◆ Stored entries
========================

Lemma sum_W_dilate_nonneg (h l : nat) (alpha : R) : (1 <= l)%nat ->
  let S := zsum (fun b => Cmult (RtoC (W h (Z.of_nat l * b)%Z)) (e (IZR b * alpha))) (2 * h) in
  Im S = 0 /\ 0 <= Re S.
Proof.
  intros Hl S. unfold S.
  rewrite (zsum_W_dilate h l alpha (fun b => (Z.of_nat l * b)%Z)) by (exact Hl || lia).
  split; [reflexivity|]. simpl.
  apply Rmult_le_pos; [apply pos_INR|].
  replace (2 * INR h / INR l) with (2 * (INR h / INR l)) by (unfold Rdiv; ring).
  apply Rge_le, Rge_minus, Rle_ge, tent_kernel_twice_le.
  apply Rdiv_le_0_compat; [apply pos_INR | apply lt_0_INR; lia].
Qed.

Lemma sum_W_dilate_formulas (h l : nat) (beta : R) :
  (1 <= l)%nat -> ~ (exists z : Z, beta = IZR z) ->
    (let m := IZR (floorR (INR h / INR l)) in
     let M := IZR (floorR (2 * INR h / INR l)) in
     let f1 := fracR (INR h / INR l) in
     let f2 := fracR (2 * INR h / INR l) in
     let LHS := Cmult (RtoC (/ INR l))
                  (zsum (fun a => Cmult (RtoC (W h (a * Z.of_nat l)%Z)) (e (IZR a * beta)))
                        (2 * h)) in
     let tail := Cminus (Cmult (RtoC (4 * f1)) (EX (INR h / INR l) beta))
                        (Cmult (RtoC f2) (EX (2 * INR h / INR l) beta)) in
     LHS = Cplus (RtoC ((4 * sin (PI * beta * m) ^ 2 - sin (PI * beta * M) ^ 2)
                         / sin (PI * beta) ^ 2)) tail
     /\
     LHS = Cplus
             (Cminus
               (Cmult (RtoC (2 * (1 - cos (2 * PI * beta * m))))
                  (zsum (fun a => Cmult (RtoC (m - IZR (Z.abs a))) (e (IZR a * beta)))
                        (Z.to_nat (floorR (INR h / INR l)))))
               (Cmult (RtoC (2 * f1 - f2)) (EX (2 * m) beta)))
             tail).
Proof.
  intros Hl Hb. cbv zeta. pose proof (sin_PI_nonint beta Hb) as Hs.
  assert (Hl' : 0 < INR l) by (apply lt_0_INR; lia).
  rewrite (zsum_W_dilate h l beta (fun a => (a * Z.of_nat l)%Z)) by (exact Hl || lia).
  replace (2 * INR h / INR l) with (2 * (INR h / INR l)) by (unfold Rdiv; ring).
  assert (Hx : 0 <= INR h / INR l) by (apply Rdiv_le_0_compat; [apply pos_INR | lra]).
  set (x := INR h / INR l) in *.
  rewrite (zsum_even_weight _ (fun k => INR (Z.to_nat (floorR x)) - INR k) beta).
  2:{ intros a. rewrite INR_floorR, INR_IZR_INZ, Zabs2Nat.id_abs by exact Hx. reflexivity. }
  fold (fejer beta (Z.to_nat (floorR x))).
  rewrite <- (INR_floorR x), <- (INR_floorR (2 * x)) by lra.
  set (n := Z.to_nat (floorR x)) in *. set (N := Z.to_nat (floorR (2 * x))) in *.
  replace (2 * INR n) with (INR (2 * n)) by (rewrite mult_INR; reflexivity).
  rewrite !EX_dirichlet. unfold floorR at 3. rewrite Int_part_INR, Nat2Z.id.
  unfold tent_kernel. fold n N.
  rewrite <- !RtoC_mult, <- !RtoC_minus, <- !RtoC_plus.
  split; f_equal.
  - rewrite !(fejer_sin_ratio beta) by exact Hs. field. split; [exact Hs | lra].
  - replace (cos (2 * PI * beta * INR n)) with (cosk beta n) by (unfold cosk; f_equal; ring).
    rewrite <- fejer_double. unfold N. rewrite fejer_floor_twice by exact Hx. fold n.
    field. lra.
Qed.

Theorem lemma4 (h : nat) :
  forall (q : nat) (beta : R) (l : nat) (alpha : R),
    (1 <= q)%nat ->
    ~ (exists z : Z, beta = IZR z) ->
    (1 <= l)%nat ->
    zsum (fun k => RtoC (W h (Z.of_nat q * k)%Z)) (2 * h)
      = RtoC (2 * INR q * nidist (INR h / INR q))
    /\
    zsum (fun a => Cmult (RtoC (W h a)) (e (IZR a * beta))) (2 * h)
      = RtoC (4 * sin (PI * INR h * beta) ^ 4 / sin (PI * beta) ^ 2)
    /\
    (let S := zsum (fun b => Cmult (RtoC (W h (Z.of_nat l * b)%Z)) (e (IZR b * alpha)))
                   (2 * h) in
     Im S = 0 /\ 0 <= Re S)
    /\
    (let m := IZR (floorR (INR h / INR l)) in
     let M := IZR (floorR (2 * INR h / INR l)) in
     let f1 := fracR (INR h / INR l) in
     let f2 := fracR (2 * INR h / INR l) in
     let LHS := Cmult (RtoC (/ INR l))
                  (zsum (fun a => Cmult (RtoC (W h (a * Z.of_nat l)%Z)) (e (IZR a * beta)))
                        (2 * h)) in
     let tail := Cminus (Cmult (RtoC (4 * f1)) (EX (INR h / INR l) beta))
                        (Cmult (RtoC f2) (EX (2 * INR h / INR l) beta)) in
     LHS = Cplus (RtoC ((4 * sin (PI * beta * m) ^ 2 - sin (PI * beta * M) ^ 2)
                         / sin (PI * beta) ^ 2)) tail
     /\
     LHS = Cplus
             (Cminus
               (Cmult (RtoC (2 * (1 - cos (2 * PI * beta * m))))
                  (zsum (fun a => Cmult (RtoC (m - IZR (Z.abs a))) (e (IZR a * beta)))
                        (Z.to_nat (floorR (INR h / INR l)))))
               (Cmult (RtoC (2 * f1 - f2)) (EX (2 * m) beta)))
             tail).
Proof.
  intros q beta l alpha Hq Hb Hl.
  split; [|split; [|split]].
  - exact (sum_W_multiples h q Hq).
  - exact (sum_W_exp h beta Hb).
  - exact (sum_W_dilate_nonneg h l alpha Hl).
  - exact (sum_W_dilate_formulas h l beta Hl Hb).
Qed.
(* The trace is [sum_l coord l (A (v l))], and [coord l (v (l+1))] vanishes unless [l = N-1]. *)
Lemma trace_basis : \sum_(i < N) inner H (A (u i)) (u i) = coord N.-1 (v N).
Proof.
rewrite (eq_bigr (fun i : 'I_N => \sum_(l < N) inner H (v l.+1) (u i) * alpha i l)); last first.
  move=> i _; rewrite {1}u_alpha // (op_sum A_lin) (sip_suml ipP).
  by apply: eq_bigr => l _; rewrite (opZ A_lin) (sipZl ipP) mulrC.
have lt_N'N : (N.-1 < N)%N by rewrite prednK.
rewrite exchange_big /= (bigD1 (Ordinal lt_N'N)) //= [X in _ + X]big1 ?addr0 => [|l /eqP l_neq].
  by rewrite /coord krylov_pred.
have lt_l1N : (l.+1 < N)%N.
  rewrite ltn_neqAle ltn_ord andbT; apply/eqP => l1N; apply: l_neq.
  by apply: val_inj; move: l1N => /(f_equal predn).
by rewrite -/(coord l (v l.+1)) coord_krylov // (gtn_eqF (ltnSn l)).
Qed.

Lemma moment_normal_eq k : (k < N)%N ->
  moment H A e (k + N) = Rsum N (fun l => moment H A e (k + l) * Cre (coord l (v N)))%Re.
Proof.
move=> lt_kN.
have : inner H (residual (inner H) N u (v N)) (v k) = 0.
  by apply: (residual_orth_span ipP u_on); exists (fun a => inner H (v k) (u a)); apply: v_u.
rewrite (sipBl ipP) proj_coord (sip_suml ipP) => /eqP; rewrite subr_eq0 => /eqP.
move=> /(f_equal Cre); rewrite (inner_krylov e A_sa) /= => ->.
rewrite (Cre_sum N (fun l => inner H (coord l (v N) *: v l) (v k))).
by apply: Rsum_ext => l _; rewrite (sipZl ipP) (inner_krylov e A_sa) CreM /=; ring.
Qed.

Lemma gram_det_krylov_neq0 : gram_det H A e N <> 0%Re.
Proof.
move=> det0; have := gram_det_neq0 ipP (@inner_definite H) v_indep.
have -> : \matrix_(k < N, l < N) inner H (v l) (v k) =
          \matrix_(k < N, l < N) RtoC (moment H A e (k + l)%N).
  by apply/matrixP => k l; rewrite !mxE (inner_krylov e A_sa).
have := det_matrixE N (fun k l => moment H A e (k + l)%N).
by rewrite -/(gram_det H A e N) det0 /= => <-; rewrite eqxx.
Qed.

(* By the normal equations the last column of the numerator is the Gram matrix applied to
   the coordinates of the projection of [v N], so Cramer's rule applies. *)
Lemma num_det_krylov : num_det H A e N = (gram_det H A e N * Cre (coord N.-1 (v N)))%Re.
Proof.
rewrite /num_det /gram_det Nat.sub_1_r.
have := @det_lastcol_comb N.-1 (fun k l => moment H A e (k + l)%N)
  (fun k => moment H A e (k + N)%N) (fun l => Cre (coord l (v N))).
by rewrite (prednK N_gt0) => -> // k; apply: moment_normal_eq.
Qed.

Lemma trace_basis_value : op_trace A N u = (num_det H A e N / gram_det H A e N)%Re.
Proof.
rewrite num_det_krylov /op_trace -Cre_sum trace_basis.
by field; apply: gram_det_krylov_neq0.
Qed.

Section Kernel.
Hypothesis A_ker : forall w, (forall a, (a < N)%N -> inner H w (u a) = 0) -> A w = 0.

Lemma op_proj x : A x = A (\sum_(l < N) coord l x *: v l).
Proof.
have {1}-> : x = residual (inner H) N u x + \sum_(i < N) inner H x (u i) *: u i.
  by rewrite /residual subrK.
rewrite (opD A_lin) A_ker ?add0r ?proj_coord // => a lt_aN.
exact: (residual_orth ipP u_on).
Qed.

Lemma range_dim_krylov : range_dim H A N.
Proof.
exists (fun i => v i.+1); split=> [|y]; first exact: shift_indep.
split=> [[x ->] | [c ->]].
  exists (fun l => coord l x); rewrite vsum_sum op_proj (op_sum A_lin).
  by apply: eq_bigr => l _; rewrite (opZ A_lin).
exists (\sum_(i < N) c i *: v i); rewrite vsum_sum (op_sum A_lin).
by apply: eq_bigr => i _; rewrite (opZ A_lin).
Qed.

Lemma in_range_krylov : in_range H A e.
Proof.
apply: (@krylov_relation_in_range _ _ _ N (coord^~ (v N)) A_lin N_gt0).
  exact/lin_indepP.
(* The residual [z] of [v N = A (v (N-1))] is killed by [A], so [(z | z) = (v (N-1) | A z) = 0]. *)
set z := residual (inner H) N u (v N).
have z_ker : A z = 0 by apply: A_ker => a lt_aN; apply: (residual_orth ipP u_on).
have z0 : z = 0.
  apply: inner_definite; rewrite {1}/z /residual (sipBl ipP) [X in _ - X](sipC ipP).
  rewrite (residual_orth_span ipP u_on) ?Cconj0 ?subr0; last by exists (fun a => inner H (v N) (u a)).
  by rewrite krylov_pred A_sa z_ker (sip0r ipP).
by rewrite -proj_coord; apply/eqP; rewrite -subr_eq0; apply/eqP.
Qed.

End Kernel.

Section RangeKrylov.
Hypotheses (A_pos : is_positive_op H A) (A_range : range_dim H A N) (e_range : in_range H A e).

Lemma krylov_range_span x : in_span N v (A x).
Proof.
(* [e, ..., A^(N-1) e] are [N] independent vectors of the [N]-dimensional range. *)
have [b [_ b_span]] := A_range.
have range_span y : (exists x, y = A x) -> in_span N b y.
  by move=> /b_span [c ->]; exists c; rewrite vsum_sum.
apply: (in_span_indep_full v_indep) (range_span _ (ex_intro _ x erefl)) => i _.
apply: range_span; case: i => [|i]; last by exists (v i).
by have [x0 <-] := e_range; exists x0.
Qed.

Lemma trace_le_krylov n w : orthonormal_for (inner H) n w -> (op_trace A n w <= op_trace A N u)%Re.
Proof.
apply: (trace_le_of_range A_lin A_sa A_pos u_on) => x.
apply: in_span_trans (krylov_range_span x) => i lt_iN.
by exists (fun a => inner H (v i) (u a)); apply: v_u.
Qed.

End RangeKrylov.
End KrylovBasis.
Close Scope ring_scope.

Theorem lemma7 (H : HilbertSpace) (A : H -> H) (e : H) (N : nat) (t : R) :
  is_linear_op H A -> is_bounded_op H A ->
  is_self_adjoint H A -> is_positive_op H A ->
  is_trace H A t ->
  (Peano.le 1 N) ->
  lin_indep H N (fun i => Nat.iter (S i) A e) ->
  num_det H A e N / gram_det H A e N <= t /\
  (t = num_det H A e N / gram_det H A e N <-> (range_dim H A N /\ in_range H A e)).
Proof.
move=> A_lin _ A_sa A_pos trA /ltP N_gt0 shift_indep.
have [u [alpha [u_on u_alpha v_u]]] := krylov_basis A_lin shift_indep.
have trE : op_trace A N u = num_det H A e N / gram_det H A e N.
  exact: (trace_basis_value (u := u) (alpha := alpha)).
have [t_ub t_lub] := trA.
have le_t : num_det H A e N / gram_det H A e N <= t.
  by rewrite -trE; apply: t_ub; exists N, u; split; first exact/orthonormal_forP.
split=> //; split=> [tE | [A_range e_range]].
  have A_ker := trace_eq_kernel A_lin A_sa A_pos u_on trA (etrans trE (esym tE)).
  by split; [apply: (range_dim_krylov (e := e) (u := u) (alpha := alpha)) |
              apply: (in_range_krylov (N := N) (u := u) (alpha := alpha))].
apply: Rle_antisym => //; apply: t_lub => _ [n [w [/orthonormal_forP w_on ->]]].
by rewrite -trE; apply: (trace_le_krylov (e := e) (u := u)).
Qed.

========================

◆ Problem requirements
Set down, unchanged, only those lines above that fall between the line with "Lemma in_range_krylov : in_range H A e." and the line with "Section RangeKrylov.", the two end lines included.

◆ Written answer
Lemma in_range_krylov : in_range H A e.
Proof.
apply: (@krylov_relation_in_range _ _ _ N (coord^~ (v N)) A_lin N_gt0).
  exact/lin_indepP.
(* The residual [z] of [v N = A (v (N-1))] is killed by [A], so [(z | z) = (v (N-1) | A z) = 0]. *)
set z := residual (inner H) N u (v N).
have z_ker : A z = 0 by apply: A_ker => a lt_aN; apply: (residual_orth ipP u_on).
have z0 : z = 0.
  apply: inner_definite; rewrite {1}/z /residual (sipBl ipP) [X in _ - X](sipC ipP).
  rewrite (residual_orth_span ipP u_on) ?Cconj0 ?subr0; last by exists (fun a => inner H (v N) (u a)).
  by rewrite krylov_pred A_sa z_ker (sip0r ipP).
by rewrite -proj_coord; apply/eqP; rewrite -subr_eq0; apply/eqP.
Qed.

End Kernel.

Section RangeKrylov.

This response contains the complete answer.